(* Let $\mathfrak V$ be a vessel on $\Omega\subseteq\mathbb R$ with transfer function $S(\lambda,x)=I-C(x)\mathbb X^{-1}(x)(\lambda I-A)^{-1}B(x)\sigma_1$. Fix $\lambda$ not in the spectrum of $A$, and let $u(\lambda,x)\in\mathbb C^2$ be a differentiable solution (in $x$) of $\lambda\sigma_2u-\sigma_1\partial_xu+\gamma u=0$. Then $y(\lambda,x)=S(\lambda,x)u(\lambda,x)$ satisfies $\lambda\sigma_2y-\sigma_1\partial_xy+\gamma_*(x)y=0$ for $x\in\Omega$.
   Context: A Krein space $\mathcal K$ is a Hilbert space with an extra continuous Hermitian (possibly indefinite) sesquilinear form; adjoints are taken with respect to it. Fix $2\times2$ matrices $\sigma_1$ (invertible, $\sigma_1=\sigma_1^*$), $\sigma_2=\sigma_2^*$, $\gamma=-\gamma^*$. A node $(C,A_\zeta,\mathbb X,A,B;\sigma_1)$: bounded $C:\mathcal K\to\mathbb C^2$, $\mathbb X:\mathcal K\to\mathcal K$, $B:\mathbb C^2\to\mathcal K$, and generators $A,A_\zeta$ of strongly continuous groups with common dense domain $D(A)=D(A_\zeta)$, such that $\mathbb X(D(A))\subseteq D(A)$ and $A\mathbb Xu+\mathbb XA_\zeta u+B\sigma_1Cu=0$ for $u\in D(A)$; invertible if $\mathbb X$ is boundedly invertible and $\mathbb X^{-1}(D(A))\subseteq D(A)$. A prevessel consists of fixed $A,A_\zeta$ and bounded operators $C(x),\mathbb X(x),B(x)$, differentiable in $x\in\mathbb R$, such that for each $x$ the tuple is a node, $B(x)\sigma_2e\in D(A)$ for all $e\in\mathbb C^2$, and $\partial_xB=-(AB\sigma_2+B\gamma)\sigma_1^{-1}$, $\partial_xCu=\sigma_1^{-1}(-\sigma_2CA_\zeta u+\gamma Cu)$ ($u\in D(A)$), $\partial_x\mathbb X=B\sigma_2C$. A vessel on $\Omega\subseteq\mathbb R$ is a prevessel such that for each $x\in\Omega$, $\mathbb X(x)$ is invertible and the node at $x$ is invertible, together with $\gamma_*(x)=\gamma+\sigma_2C\mathbb X^{-1}B\sigma_1-\sigma_1C\mathbb X^{-1}B\sigma_2$ on $\Omega$ (linkage condition). *)

From HB Require Import structures.
From mathcomp Require Import all_boot all_order all_algebra.
From mathcomp Require Import all_classical all_reals all_analysis.
From mathcomp Require Import complex.
Import Order.TTheory GRing.Theory Num.Theory.
Import numFieldTopology.Exports numFieldNormedType.Exports.

Set Implicit Arguments.
Unset Strict Implicit.
Unset Printing Implicit Defensive.

Local Open Scope classical_set_scope.
Local Open Scope ring_scope.
Local Open Scope complex_scope.

Definition cplx (R : realType) : numClosedFieldType := R[i].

====================

**Prompt:** Could you print the material above once more, exactly as it stands?

**Task output:**
(* Let $\mathfrak V$ be a vessel on $\Omega\subseteq\mathbb R$ with transfer function $S(\lambda,x)=I-C(x)\mathbb X^{-1}(x)(\lambda I-A)^{-1}B(x)\sigma_1$. Fix $\lambda$ not in the spectrum of $A$, and let $u(\lambda,x)\in\mathbb C^2$ be a differentiable solution (in $x$) of $\lambda\sigma_2u-\sigma_1\partial_xu+\gamma u=0$. Then $y(\lambda,x)=S(\lambda,x)u(\lambda,x)$ satisfies $\lambda\sigma_2y-\sigma_1\partial_xy+\gamma_*(x)y=0$ for $x\in\Omega$.
   Context: A Krein space $\mathcal K$ is a Hilbert space with an extra continuous Hermitian (possibly indefinite) sesquilinear form; adjoints are taken with respect to it. Fix $2\times2$ matrices $\sigma_1$ (invertible, $\sigma_1=\sigma_1^*$), $\sigma_2=\sigma_2^*$, $\gamma=-\gamma^*$. A node $(C,A_\zeta,\mathbb X,A,B;\sigma_1)$: bounded $C:\mathcal K\to\mathbb C^2$, $\mathbb X:\mathcal K\to\mathcal K$, $B:\mathbb C^2\to\mathcal K$, and generators $A,A_\zeta$ of strongly continuous groups with common dense domain $D(A)=D(A_\zeta)$, such that $\mathbb X(D(A))\subseteq D(A)$ and $A\mathbb Xu+\mathbb XA_\zeta u+B\sigma_1Cu=0$ for $u\in D(A)$; invertible if $\mathbb X$ is boundedly invertible and $\mathbb X^{-1}(D(A))\subseteq D(A)$. A prevessel consists of fixed $A,A_\zeta$ and bounded operators $C(x),\mathbb X(x),B(x)$, differentiable in $x\in\mathbb R$, such that for each $x$ the tuple is a node, $B(x)\sigma_2e\in D(A)$ for all $e\in\mathbb C^2$, and $\partial_xB=-(AB\sigma_2+B\gamma)\sigma_1^{-1}$, $\partial_xCu=\sigma_1^{-1}(-\sigma_2CA_\zeta u+\gamma Cu)$ ($u\in D(A)$), $\partial_x\mathbb X=B\sigma_2C$. A vessel on $\Omega\subseteq\mathbb R$ is a prevessel such that for each $x\in\Omega$, $\mathbb X(x)$ is invertible and the node at $x$ is invertible, together with $\gamma_*(x)=\gamma+\sigma_2C\mathbb X^{-1}B\sigma_1-\sigma_1C\mathbb X^{-1}B\sigma_2$ on $\Omega$ (linkage condition). *)

From HB Require Import structures.
From mathcomp Require Import all_boot all_order all_algebra.
From mathcomp Require Import all_classical all_reals all_analysis.
From mathcomp Require Import complex.
Import Order.TTheory GRing.Theory Num.Theory.
Import numFieldTopology.Exports numFieldNormedType.Exports.

Set Implicit Arguments.
Unset Strict Implicit.
Unset Printing Implicit Defensive.

Local Open Scope classical_set_scope.
Local Open Scope ring_scope.
Local Open Scope complex_scope.

Definition cplx (R : realType) : numClosedFieldType := R[i].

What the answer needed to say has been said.